Collected data
- Opening Delimiter -

(* Consider algorithm DIST-OPT as described in the context with all delays bounded by $\tau_{\max}$, and let $\boldsymbol\lambda(t)=(\underline\lambda(t),\bar\lambda(t))\in\mathbb R^{2N}$ be its dual iterates, with the convention $\boldsymbol\lambda(s)=0$ for $s<0$. Define $$g(t)=\begin{bmatrix}\underline v-v(p(t),q(t))\\ v(p(t),q(t))-\bar v\end{bmatrix}.$$ Then for all $t\in\mathbb N$, $$\|\nabla D(\boldsymbol\lambda(t))-g(t)\|\le L\sqrt N\sum_{\tau=t-t_0}^{t-1}\|\boldsymbol\lambda(\tau)-\boldsymbol\lambda(\tau+1)\|,$$ where $t_0=d(\tau_{\max}+1)$ and $L=2(\|R\|^2+\|X\|^2)/a_{\min}$.
   Context: Network: a radial network is a tree on nodes $\{0,1,\dots,N\}$ rooted at node $0$; $\mathcal N=\{1,\dots,N\}$. Each $i\in\mathcal N$ has a unique parent $\sigma_i\in\{0,\dots,N\}$. Each edge $(h,k)$ ($h$ the parent of $k$) has resistance $r_{hk}\ge0$ and reactance $x_{hk}\ge0$. $\mathcal P_i$ is the set of edges on the path from $0$ to $i$. Define $N\times N$ matrices $R_{ij}=2\sum_{(h,k)\in\mathcal P_i\cap\mathcal P_j}r_{hk}$ and $X_{ij}=2\sum_{(h,k)\in\mathcal P_i\cap\mathcal P_j}x_{hk}$. $\texttt{dist}(i,j)$ is the number of edges on the tree path between $i$ and $j$, and $d=\max_{i,j\in\mathcal N}\texttt{dist}(i,j)$. Voltage model: $v(p,q)=Rp+Xq+v_0\mathbf 1\in\mathbb R^N$ for a fixed $v_0\in\mathbb R$. $\|\cdot\|$ is the Euclidean norm on vectors and the spectral norm on matrices. Problem (P): given vectors $\underline v\le\bar v$, $\underline p\le\bar p$, $\underline q\le\bar q$ in $\mathbb R^N$ and reals $a_i^{P},a_i^{Q}>0$, $b_i^P,b_i^Q,c_i^P,c_i^Q$, minimize over $p,q\in\mathbb R^N$ the cost $C^P(p)+C^Q(q)$, where $C^P(p)=\sum_{i}(\tfrac{a_i^P}{2}p_i^2+b_i^Pp_i+c_i^P)$, $C^Q(q)=\sum_{i}(\tfrac{a_i^Q}{2}q_i^2+b_i^Qq_i+c_i^Q)$, subject to $\underline v\le v(p,q)\le\bar v$, $\underline p\le p\le\bar p$, $\underline q\le q\le\bar q$. Let $a_{\min}=\min\{a_1^P,\dots,a_N^P,a_1^Q,\dots,a_N^Q\}$. The dual function is $D(\boldsymbol\lambda)=\min_{(p,q)\in[\underline p,\bar p]\times[\underline q,\bar q]}\bigl[C^P(p)+C^Q(q)+\underline\lambda^\top(\underline v-v(p,q))+\bar\lambda^\top(v(p,q)-\bar v)\bigr]$ for $\boldsymbol\lambda=(\underline\lambda,\bar\lambda)\in\mathbb R^{2N}$; it is differentiable. Algorithm DIST-OPT. For $i\in\mathcal N$, the algorithmic parent of $i$ is $\sigma_i$ if $\sigma_i\neq0$; if $\sigma_i=0$, $i$ has no algorithmic parent. Let $\mathcal C_i=\{j\in\mathcal N:\sigma_j=i\}$. For each $j\in\mathcal N$ having an algorithmic parent and each $t\in\mathbb N$, there are delays $\tau^{\uparrow}_j(t),\tau^{\downarrow}_j(t)\in\mathbb Z_{\ge0}$. Write $[x]_a^b=\min(\max(x,a),b)$ and $\lceil x\rceil_+=\max(x,0)$. Initialization ($t=0$): for all $i\in\mathcal N$, $z_i^P(0)=z_i^Q(0)=\underline\lambda_i(0)=\bar\lambda_i(0)=\lambda_i(0)=0$ and $\alpha_i(0)=\beta_i^P(0)=\beta_i^Q(0)=\hat\alpha_i(0)=\hat\beta_i^P(0)=\hat\beta_i^Q(0)=0$; any message $\alpha_i(s),\beta_i^P(s),\beta_i^Q(s)$ with $s<0$ is $0$; if $i$ has no algorithmic parent then $\hat\beta_i^P(t)=\hat\beta_i^Q(t)=0$ for all $t$. For $t=0,1,2,\dots$ and every $i\in\mathcal N$: (1) $p_i(t)=\bigl[(z_i^P(t)-b_i^P)/a_i^P\bigr]_{\underline p_i}^{\bar p_i}$ and $q_i(t)=\bigl[(z_i^Q(t)-b_i^Q)/a_i^Q\bigr]_{\underline q_i}^{\bar q_i}$. (2) $v(t)=v(p(t),q(t))$; $\underline\lambda_i(t+1)=\lceil\underline\lambda_i(t)+\gamma(\underline v_i-v_i(t))\rceil_+$, $\bar\lambda_i(t+1)=\lceil\bar\lambda_i(t)+\gamma(v_i(t)-\bar v_i)\rceil_+$, $\lambda_i(t+1)=\underline\lambda_i(t+1)-\bar\lambda_i(t+1)$, with step size $\gamma>0$. (3) $\alpha_i(t+1)=\lambda_i(t+1)+\sum_{j\in\mathcal C_i}\hat\alpha_j(t)$, and for each $j\in\mathcal C_i$: $\beta_j^P(t+1)=R_{ii}\bigl(\lambda_i(t+1)+\sum_{r\in\mathcal C_i\setminus\{j\}}\hat\alpha_r(t)\bigr)+\hat\beta_i^P(t)$ and $\beta_j^Q(t+1)=X_{ii}\bigl(\lambda_i(t+1)+\sum_{r\in\mathcal C_i\setminus\{j\}}\hat\alpha_r(t)\bigr)+\hat\beta_i^Q(t)$. For each $j$ with an algorithmic parent: $\hat\alpha_j(t+1)=\alpha_j(t+1-\tau^{\uparrow}_j(t))$, $\hat\beta_j^P(t+1)=\beta_j^P(t+1-\tau^{\downarrow}_j(t))$, $\hat\beta_j^Q(t+1)=\beta_j^Q(t+1-\tau^{\downarrow}_j(t))$. (4) $z_i^P(t+1)=R_{ii}\bigl(\lambda_i(t+1)+\sum_{j\in\mathcal C_i}\hat\alpha_j(t+1)\bigr)+\hat\beta_i^P(t+1)$ and $z_i^Q(t+1)=X_{ii}\bigl(\lambda_i(t+1)+\sum_{j\in\mathcal C_i}\hat\alpha_j(t+1)\bigr)+\hat\beta_i^Q(t+1)$. *)

From Stdlib Require Import Reals Lra Lia ZArith List Bool.
Import ListNotations.
Open Scope R_scope.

- Closing Delimiter -

• **DIRECTIONS FOR THIS TASK**
Reply by returning the full set of records above exactly.

• **FINISHED EXERCISE**
(* Consider algorithm DIST-OPT as described in the context with all delays bounded by $\tau_{\max}$, and let $\boldsymbol\lambda(t)=(\underline\lambda(t),\bar\lambda(t))\in\mathbb R^{2N}$ be its dual iterates, with the convention $\boldsymbol\lambda(s)=0$ for $s<0$. Define $$g(t)=\begin{bmatrix}\underline v-v(p(t),q(t))\\ v(p(t),q(t))-\bar v\end{bmatrix}.$$ Then for all $t\in\mathbb N$, $$\|\nabla D(\boldsymbol\lambda(t))-g(t)\|\le L\sqrt N\sum_{\tau=t-t_0}^{t-1}\|\boldsymbol\lambda(\tau)-\boldsymbol\lambda(\tau+1)\|,$$ where $t_0=d(\tau_{\max}+1)$ and $L=2(\|R\|^2+\|X\|^2)/a_{\min}$.
   Context: Network: a radial network is a tree on nodes $\{0,1,\dots,N\}$ rooted at node $0$; $\mathcal N=\{1,\dots,N\}$. Each $i\in\mathcal N$ has a unique parent $\sigma_i\in\{0,\dots,N\}$. Each edge $(h,k)$ ($h$ the parent of $k$) has resistance $r_{hk}\ge0$ and reactance $x_{hk}\ge0$. $\mathcal P_i$ is the set of edges on the path from $0$ to $i$. Define $N\times N$ matrices $R_{ij}=2\sum_{(h,k)\in\mathcal P_i\cap\mathcal P_j}r_{hk}$ and $X_{ij}=2\sum_{(h,k)\in\mathcal P_i\cap\mathcal P_j}x_{hk}$. $\texttt{dist}(i,j)$ is the number of edges on the tree path between $i$ and $j$, and $d=\max_{i,j\in\mathcal N}\texttt{dist}(i,j)$. Voltage model: $v(p,q)=Rp+Xq+v_0\mathbf 1\in\mathbb R^N$ for a fixed $v_0\in\mathbb R$. $\|\cdot\|$ is the Euclidean norm on vectors and the spectral norm on matrices. Problem (P): given vectors $\underline v\le\bar v$, $\underline p\le\bar p$, $\underline q\le\bar q$ in $\mathbb R^N$ and reals $a_i^{P},a_i^{Q}>0$, $b_i^P,b_i^Q,c_i^P,c_i^Q$, minimize over $p,q\in\mathbb R^N$ the cost $C^P(p)+C^Q(q)$, where $C^P(p)=\sum_{i}(\tfrac{a_i^P}{2}p_i^2+b_i^Pp_i+c_i^P)$, $C^Q(q)=\sum_{i}(\tfrac{a_i^Q}{2}q_i^2+b_i^Qq_i+c_i^Q)$, subject to $\underline v\le v(p,q)\le\bar v$, $\underline p\le p\le\bar p$, $\underline q\le q\le\bar q$. Let $a_{\min}=\min\{a_1^P,\dots,a_N^P,a_1^Q,\dots,a_N^Q\}$. The dual function is $D(\boldsymbol\lambda)=\min_{(p,q)\in[\underline p,\bar p]\times[\underline q,\bar q]}\bigl[C^P(p)+C^Q(q)+\underline\lambda^\top(\underline v-v(p,q))+\bar\lambda^\top(v(p,q)-\bar v)\bigr]$ for $\boldsymbol\lambda=(\underline\lambda,\bar\lambda)\in\mathbb R^{2N}$; it is differentiable. Algorithm DIST-OPT. For $i\in\mathcal N$, the algorithmic parent of $i$ is $\sigma_i$ if $\sigma_i\neq0$; if $\sigma_i=0$, $i$ has no algorithmic parent. Let $\mathcal C_i=\{j\in\mathcal N:\sigma_j=i\}$. For each $j\in\mathcal N$ having an algorithmic parent and each $t\in\mathbb N$, there are delays $\tau^{\uparrow}_j(t),\tau^{\downarrow}_j(t)\in\mathbb Z_{\ge0}$. Write $[x]_a^b=\min(\max(x,a),b)$ and $\lceil x\rceil_+=\max(x,0)$. Initialization ($t=0$): for all $i\in\mathcal N$, $z_i^P(0)=z_i^Q(0)=\underline\lambda_i(0)=\bar\lambda_i(0)=\lambda_i(0)=0$ and $\alpha_i(0)=\beta_i^P(0)=\beta_i^Q(0)=\hat\alpha_i(0)=\hat\beta_i^P(0)=\hat\beta_i^Q(0)=0$; any message $\alpha_i(s),\beta_i^P(s),\beta_i^Q(s)$ with $s<0$ is $0$; if $i$ has no algorithmic parent then $\hat\beta_i^P(t)=\hat\beta_i^Q(t)=0$ for all $t$. For $t=0,1,2,\dots$ and every $i\in\mathcal N$: (1) $p_i(t)=\bigl[(z_i^P(t)-b_i^P)/a_i^P\bigr]_{\underline p_i}^{\bar p_i}$ and $q_i(t)=\bigl[(z_i^Q(t)-b_i^Q)/a_i^Q\bigr]_{\underline q_i}^{\bar q_i}$. (2) $v(t)=v(p(t),q(t))$; $\underline\lambda_i(t+1)=\lceil\underline\lambda_i(t)+\gamma(\underline v_i-v_i(t))\rceil_+$, $\bar\lambda_i(t+1)=\lceil\bar\lambda_i(t)+\gamma(v_i(t)-\bar v_i)\rceil_+$, $\lambda_i(t+1)=\underline\lambda_i(t+1)-\bar\lambda_i(t+1)$, with step size $\gamma>0$. (3) $\alpha_i(t+1)=\lambda_i(t+1)+\sum_{j\in\mathcal C_i}\hat\alpha_j(t)$, and for each $j\in\mathcal C_i$: $\beta_j^P(t+1)=R_{ii}\bigl(\lambda_i(t+1)+\sum_{r\in\mathcal C_i\setminus\{j\}}\hat\alpha_r(t)\bigr)+\hat\beta_i^P(t)$ and $\beta_j^Q(t+1)=X_{ii}\bigl(\lambda_i(t+1)+\sum_{r\in\mathcal C_i\setminus\{j\}}\hat\alpha_r(t)\bigr)+\hat\beta_i^Q(t)$. For each $j$ with an algorithmic parent: $\hat\alpha_j(t+1)=\alpha_j(t+1-\tau^{\uparrow}_j(t))$, $\hat\beta_j^P(t+1)=\beta_j^P(t+1-\tau^{\downarrow}_j(t))$, $\hat\beta_j^Q(t+1)=\beta_j^Q(t+1-\tau^{\downarrow}_j(t))$. (4) $z_i^P(t+1)=R_{ii}\bigl(\lambda_i(t+1)+\sum_{j\in\mathcal C_i}\hat\alpha_j(t+1)\bigr)+\hat\beta_i^P(t+1)$ and $z_i^Q(t+1)=X_{ii}\bigl(\lambda_i(t+1)+\sum_{j\in\mathcal C_i}\hat\alpha_j(t+1)\bigr)+\hat\beta_i^Q(t+1)$. *)

From Stdlib Require Import Reals Lra Lia ZArith List Bool.
Import ListNotations.
Open Scope R_scope.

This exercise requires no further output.